• _SUPPLIED INFORMATION_:

══════

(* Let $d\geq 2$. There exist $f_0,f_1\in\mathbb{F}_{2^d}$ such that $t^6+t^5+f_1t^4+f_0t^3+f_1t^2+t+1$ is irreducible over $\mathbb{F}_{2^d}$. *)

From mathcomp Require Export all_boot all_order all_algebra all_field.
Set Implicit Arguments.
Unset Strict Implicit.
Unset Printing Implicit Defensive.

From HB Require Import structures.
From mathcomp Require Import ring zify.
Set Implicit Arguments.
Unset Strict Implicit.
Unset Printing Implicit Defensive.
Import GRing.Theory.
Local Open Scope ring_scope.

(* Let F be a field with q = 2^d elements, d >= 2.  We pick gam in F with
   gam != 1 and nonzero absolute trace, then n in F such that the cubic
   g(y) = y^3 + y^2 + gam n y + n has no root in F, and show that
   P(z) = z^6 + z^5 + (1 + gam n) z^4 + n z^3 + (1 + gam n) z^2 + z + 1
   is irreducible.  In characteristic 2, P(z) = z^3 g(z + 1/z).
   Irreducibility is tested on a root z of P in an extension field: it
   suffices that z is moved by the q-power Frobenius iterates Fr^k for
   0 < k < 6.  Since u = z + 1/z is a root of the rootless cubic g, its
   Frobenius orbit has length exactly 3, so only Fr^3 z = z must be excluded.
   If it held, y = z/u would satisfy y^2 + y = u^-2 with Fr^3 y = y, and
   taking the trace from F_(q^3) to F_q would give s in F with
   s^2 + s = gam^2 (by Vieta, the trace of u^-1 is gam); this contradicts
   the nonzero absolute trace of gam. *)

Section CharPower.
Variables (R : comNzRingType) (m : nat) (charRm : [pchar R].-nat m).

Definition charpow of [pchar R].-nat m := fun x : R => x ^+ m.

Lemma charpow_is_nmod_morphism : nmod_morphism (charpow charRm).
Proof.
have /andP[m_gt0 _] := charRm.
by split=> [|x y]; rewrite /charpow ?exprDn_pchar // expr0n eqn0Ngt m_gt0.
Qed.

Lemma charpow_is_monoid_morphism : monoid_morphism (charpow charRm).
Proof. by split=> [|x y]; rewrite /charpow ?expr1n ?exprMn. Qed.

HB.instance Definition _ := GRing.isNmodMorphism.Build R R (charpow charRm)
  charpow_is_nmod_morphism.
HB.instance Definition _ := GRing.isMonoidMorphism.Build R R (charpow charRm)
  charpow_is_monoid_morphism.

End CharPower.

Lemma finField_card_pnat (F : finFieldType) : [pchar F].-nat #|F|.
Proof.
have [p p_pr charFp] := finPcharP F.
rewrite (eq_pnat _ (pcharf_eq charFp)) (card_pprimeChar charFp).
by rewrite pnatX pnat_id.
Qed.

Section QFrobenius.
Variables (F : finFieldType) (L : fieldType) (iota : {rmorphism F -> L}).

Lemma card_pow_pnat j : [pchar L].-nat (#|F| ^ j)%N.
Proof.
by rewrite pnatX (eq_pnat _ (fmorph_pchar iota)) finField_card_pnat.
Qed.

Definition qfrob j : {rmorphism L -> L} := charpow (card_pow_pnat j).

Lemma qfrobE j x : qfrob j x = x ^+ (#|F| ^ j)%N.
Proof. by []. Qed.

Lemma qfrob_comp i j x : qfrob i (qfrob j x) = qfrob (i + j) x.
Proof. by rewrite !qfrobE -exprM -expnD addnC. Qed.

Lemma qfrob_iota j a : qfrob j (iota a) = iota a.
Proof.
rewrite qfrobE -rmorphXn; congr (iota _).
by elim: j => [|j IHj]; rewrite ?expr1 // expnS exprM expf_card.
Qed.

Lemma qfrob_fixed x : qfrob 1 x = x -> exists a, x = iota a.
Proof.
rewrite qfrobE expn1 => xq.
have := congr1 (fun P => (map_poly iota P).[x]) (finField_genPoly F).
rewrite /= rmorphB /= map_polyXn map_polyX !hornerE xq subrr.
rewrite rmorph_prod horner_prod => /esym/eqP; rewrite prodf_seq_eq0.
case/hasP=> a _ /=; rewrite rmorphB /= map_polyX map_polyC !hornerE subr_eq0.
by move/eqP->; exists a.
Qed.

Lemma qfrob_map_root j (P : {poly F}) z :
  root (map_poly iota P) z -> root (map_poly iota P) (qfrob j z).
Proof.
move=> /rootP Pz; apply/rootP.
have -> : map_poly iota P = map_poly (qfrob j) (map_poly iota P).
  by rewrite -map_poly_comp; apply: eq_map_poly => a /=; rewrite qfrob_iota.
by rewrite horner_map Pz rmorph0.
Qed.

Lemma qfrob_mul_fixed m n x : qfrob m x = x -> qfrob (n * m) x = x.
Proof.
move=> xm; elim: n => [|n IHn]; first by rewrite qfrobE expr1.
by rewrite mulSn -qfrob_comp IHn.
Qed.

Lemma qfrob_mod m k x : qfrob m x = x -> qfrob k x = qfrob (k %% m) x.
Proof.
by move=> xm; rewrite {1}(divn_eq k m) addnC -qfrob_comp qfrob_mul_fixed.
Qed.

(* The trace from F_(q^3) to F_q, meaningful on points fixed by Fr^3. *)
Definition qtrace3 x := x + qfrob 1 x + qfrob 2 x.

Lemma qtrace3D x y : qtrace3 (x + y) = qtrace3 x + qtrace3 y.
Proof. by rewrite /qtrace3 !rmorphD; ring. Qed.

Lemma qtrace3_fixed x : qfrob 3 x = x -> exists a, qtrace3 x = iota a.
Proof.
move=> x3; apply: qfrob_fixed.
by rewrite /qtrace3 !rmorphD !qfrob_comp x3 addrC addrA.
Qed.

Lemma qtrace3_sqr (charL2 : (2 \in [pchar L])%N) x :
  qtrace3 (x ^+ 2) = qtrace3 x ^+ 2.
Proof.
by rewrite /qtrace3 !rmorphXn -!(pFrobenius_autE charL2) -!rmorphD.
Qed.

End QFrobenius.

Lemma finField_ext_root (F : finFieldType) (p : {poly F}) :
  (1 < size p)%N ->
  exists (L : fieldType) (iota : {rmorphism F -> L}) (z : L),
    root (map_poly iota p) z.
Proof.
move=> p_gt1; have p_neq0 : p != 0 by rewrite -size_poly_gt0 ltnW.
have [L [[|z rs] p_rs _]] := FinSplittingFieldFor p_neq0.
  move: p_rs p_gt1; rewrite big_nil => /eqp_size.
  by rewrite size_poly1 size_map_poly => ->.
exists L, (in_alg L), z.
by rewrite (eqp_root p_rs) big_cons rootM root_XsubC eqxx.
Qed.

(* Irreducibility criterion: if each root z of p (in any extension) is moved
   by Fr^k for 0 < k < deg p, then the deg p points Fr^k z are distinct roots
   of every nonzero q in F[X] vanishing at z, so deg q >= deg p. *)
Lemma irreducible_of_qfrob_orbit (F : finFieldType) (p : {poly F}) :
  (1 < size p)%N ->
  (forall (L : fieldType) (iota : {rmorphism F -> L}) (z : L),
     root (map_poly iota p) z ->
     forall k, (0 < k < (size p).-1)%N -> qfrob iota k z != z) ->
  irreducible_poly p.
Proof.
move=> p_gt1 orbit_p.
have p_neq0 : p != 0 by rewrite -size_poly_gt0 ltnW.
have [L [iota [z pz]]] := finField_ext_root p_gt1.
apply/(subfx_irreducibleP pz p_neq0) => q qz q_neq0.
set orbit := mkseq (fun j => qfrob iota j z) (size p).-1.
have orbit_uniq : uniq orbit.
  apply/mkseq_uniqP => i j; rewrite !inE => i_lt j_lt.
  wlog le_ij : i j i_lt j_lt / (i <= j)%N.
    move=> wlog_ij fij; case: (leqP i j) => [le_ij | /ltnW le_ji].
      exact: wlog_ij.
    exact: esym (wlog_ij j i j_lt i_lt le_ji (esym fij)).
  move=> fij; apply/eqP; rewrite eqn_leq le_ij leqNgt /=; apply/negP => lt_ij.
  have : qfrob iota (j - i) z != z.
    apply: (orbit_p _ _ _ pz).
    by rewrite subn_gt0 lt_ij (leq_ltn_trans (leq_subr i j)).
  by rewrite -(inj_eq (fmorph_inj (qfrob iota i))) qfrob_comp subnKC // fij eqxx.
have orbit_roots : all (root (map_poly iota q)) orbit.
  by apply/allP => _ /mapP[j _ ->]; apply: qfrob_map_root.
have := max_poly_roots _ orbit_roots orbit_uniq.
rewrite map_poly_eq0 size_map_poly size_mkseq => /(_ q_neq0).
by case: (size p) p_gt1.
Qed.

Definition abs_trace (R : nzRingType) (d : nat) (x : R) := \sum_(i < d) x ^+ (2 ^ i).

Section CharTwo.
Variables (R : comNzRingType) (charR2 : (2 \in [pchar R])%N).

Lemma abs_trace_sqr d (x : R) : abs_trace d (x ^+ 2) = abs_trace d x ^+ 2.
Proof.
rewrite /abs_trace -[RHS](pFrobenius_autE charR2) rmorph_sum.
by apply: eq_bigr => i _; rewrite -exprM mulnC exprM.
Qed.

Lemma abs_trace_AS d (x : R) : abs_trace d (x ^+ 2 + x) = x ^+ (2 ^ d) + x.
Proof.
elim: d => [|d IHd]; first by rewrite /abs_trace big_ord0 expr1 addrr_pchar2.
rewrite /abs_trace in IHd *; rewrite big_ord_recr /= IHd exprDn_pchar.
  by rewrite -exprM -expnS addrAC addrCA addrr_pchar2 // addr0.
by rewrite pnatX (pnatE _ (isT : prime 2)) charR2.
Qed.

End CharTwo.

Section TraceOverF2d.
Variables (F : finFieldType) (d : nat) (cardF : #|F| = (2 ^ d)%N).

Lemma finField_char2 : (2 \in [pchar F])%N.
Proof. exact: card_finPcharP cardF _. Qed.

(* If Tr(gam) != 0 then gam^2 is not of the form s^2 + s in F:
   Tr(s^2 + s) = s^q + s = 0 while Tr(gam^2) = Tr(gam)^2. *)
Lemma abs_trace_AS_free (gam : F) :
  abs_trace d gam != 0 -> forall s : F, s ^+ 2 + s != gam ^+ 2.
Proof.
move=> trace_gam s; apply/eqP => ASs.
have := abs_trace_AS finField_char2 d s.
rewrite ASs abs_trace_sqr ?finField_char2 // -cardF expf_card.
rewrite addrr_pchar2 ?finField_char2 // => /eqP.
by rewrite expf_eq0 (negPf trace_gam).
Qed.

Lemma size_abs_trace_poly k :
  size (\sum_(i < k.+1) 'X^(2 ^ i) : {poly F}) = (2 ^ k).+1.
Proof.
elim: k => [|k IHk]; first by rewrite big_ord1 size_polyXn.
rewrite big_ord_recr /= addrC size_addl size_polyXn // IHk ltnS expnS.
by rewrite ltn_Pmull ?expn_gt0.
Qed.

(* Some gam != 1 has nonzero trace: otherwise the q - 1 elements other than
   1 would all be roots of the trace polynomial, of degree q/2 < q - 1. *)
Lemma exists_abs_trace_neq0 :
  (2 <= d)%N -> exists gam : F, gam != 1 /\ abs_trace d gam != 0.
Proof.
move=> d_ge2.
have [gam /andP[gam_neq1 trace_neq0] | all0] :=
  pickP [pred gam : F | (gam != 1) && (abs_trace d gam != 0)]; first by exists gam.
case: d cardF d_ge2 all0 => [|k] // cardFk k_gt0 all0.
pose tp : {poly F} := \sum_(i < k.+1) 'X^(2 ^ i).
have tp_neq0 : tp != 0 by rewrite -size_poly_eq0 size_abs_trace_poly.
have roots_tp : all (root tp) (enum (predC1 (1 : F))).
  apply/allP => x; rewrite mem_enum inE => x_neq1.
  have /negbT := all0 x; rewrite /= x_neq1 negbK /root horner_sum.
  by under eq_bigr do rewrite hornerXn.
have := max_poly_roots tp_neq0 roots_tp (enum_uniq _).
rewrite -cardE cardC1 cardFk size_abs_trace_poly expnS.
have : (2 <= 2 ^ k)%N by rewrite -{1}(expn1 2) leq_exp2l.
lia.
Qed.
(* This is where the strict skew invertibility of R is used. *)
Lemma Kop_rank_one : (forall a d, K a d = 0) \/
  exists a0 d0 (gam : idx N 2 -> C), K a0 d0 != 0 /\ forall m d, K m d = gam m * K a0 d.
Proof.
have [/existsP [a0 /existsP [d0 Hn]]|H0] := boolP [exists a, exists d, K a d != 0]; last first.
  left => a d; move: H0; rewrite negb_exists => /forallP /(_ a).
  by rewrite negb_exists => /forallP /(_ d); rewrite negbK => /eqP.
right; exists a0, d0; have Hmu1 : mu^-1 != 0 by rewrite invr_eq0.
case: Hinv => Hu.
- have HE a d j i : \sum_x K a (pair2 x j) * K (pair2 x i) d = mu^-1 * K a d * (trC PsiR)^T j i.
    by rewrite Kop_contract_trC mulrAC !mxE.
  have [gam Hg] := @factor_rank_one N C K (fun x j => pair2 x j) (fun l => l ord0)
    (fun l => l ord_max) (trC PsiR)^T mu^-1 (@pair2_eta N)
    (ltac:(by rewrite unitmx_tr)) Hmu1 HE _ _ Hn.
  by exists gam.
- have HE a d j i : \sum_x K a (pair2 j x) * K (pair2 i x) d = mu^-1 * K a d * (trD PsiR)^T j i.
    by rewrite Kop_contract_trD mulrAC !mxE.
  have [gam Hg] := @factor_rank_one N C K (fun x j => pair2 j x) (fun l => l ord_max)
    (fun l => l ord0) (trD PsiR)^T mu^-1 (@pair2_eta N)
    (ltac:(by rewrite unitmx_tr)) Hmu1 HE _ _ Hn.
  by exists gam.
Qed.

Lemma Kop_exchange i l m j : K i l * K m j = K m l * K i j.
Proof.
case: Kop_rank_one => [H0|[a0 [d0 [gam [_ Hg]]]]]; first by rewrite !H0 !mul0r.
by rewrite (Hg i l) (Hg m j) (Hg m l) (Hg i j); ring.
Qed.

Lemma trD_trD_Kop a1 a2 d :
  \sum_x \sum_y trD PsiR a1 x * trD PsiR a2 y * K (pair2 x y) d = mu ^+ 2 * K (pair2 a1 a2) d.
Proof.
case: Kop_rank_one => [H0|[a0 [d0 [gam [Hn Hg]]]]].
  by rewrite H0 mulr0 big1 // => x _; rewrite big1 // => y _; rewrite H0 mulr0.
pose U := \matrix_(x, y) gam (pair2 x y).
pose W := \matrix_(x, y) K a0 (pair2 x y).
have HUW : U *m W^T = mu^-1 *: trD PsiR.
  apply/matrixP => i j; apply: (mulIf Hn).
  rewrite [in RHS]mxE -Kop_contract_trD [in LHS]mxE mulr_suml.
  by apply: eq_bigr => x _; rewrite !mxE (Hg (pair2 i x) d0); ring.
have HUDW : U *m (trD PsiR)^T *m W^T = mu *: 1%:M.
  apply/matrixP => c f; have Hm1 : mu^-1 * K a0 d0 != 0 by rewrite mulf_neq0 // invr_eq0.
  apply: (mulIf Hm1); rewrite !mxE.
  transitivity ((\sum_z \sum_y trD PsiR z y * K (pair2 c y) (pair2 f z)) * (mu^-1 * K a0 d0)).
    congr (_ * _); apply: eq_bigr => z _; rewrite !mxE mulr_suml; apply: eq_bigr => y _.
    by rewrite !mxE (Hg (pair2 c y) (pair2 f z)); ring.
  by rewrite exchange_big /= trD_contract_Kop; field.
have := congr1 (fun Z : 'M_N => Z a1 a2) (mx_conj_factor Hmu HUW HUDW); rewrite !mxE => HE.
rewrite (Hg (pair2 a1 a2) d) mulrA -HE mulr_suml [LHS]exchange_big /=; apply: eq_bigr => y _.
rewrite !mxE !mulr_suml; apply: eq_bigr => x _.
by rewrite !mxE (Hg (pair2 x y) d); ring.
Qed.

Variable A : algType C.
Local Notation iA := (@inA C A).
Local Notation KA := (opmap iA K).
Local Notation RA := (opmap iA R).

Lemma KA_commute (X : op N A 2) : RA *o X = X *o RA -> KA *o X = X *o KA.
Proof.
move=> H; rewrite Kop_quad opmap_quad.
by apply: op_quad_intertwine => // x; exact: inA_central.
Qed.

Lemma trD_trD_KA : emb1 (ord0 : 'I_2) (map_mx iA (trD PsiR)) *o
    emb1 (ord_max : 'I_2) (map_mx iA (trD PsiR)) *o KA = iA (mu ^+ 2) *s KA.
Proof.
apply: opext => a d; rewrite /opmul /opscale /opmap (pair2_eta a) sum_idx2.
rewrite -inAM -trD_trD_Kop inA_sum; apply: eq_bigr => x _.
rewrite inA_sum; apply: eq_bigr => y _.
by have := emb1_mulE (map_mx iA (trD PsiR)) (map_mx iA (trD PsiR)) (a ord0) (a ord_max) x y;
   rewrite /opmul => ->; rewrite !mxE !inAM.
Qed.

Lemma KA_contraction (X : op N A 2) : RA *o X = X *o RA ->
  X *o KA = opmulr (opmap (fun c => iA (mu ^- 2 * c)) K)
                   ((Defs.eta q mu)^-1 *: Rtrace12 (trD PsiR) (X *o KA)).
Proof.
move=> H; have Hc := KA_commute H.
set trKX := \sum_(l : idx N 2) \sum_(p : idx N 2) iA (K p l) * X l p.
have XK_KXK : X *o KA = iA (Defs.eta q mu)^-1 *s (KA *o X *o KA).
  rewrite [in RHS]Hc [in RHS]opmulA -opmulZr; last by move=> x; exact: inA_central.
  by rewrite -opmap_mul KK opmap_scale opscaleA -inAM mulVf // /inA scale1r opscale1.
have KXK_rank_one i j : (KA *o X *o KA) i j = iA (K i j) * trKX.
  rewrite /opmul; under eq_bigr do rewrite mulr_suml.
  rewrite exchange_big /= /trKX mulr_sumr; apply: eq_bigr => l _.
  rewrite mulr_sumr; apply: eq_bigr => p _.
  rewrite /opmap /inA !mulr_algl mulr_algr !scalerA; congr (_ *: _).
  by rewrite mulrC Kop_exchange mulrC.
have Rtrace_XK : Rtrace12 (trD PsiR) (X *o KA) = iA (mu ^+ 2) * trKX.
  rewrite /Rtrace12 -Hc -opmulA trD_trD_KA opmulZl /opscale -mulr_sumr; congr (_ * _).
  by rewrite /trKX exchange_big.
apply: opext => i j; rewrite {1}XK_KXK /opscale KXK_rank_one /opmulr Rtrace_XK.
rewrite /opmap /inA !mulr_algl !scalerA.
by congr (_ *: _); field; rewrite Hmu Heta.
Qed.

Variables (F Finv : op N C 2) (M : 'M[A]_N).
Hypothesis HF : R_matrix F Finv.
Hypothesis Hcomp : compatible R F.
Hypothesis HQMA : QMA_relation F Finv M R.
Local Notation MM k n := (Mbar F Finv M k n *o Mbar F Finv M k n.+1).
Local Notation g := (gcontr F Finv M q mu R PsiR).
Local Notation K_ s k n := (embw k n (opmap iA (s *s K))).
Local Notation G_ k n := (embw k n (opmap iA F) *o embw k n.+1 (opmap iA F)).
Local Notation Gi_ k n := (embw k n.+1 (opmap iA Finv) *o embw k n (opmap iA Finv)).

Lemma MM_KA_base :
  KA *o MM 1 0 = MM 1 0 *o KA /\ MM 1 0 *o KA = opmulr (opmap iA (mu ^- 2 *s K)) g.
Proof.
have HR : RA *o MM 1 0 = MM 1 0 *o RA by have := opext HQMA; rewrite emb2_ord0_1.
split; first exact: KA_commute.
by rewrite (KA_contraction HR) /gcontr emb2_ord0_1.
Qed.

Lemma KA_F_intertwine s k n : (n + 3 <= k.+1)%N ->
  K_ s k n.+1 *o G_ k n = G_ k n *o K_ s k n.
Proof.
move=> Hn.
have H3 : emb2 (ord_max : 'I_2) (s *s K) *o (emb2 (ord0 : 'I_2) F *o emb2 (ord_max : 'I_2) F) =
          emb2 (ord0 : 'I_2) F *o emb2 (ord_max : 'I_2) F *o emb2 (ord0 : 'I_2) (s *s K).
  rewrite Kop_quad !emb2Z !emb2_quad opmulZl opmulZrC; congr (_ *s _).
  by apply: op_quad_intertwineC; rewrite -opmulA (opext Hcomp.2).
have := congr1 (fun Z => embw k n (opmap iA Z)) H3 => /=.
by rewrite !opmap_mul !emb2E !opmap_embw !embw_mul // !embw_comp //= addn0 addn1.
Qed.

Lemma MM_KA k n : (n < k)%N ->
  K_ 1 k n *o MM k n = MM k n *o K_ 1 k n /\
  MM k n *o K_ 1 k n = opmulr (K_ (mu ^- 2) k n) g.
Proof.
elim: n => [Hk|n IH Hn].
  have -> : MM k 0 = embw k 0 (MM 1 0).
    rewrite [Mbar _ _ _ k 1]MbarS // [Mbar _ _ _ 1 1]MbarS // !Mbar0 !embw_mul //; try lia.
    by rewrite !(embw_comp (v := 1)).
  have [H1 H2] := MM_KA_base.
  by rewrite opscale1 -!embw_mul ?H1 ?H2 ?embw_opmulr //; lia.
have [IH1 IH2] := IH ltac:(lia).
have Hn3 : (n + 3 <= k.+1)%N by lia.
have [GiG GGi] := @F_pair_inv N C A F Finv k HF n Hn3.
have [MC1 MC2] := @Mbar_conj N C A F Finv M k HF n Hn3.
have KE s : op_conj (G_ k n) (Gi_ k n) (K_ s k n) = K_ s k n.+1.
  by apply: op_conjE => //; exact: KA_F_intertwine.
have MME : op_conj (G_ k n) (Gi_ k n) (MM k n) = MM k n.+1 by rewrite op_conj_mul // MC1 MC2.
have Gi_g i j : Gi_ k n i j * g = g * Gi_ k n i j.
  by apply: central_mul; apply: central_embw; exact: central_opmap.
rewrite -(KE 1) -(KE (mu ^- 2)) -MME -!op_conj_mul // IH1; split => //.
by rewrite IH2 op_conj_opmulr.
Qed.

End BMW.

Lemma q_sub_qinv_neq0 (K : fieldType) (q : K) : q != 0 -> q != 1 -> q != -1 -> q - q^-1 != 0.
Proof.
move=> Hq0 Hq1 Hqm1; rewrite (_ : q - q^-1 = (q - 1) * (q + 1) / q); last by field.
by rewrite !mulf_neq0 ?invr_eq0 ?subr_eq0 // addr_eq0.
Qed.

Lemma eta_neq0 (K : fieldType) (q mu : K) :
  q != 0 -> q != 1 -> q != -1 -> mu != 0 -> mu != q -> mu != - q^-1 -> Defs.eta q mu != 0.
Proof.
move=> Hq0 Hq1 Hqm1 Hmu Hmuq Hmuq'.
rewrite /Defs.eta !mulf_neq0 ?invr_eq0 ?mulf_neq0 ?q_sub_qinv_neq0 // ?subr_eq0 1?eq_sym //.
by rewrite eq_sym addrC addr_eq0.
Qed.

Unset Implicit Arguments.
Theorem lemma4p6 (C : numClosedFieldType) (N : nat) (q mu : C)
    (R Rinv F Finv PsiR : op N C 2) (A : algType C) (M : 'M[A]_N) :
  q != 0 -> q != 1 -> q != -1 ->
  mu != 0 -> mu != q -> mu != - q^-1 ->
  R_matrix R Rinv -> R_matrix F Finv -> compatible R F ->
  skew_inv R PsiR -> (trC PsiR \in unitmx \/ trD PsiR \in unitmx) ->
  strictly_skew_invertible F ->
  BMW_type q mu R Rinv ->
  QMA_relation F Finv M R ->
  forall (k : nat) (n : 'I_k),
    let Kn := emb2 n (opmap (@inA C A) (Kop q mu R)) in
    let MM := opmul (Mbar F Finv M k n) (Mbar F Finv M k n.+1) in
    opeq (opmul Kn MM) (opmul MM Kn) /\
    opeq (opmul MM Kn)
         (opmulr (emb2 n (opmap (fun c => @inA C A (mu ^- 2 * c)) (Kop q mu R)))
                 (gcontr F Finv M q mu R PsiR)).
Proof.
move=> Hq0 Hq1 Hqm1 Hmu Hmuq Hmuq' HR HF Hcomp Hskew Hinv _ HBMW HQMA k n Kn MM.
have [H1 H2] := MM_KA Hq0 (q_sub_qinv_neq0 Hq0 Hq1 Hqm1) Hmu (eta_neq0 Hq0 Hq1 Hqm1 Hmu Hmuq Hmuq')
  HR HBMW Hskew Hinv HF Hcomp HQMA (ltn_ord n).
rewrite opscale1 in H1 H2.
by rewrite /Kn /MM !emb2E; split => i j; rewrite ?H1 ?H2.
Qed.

══════

• _REQUIRED ACTION_:
Take every line above that includes the string "opmulZl" and return it.

• _RESULT OF THIS TASK_:
  rewrite /Rtrace12 -Hc -opmulA trD_trD_KA opmulZl /opscale -mulr_sumr; congr (_ * _).
  rewrite Kop_quad !emb2Z !emb2_quad opmulZl opmulZrC; congr (_ *s _).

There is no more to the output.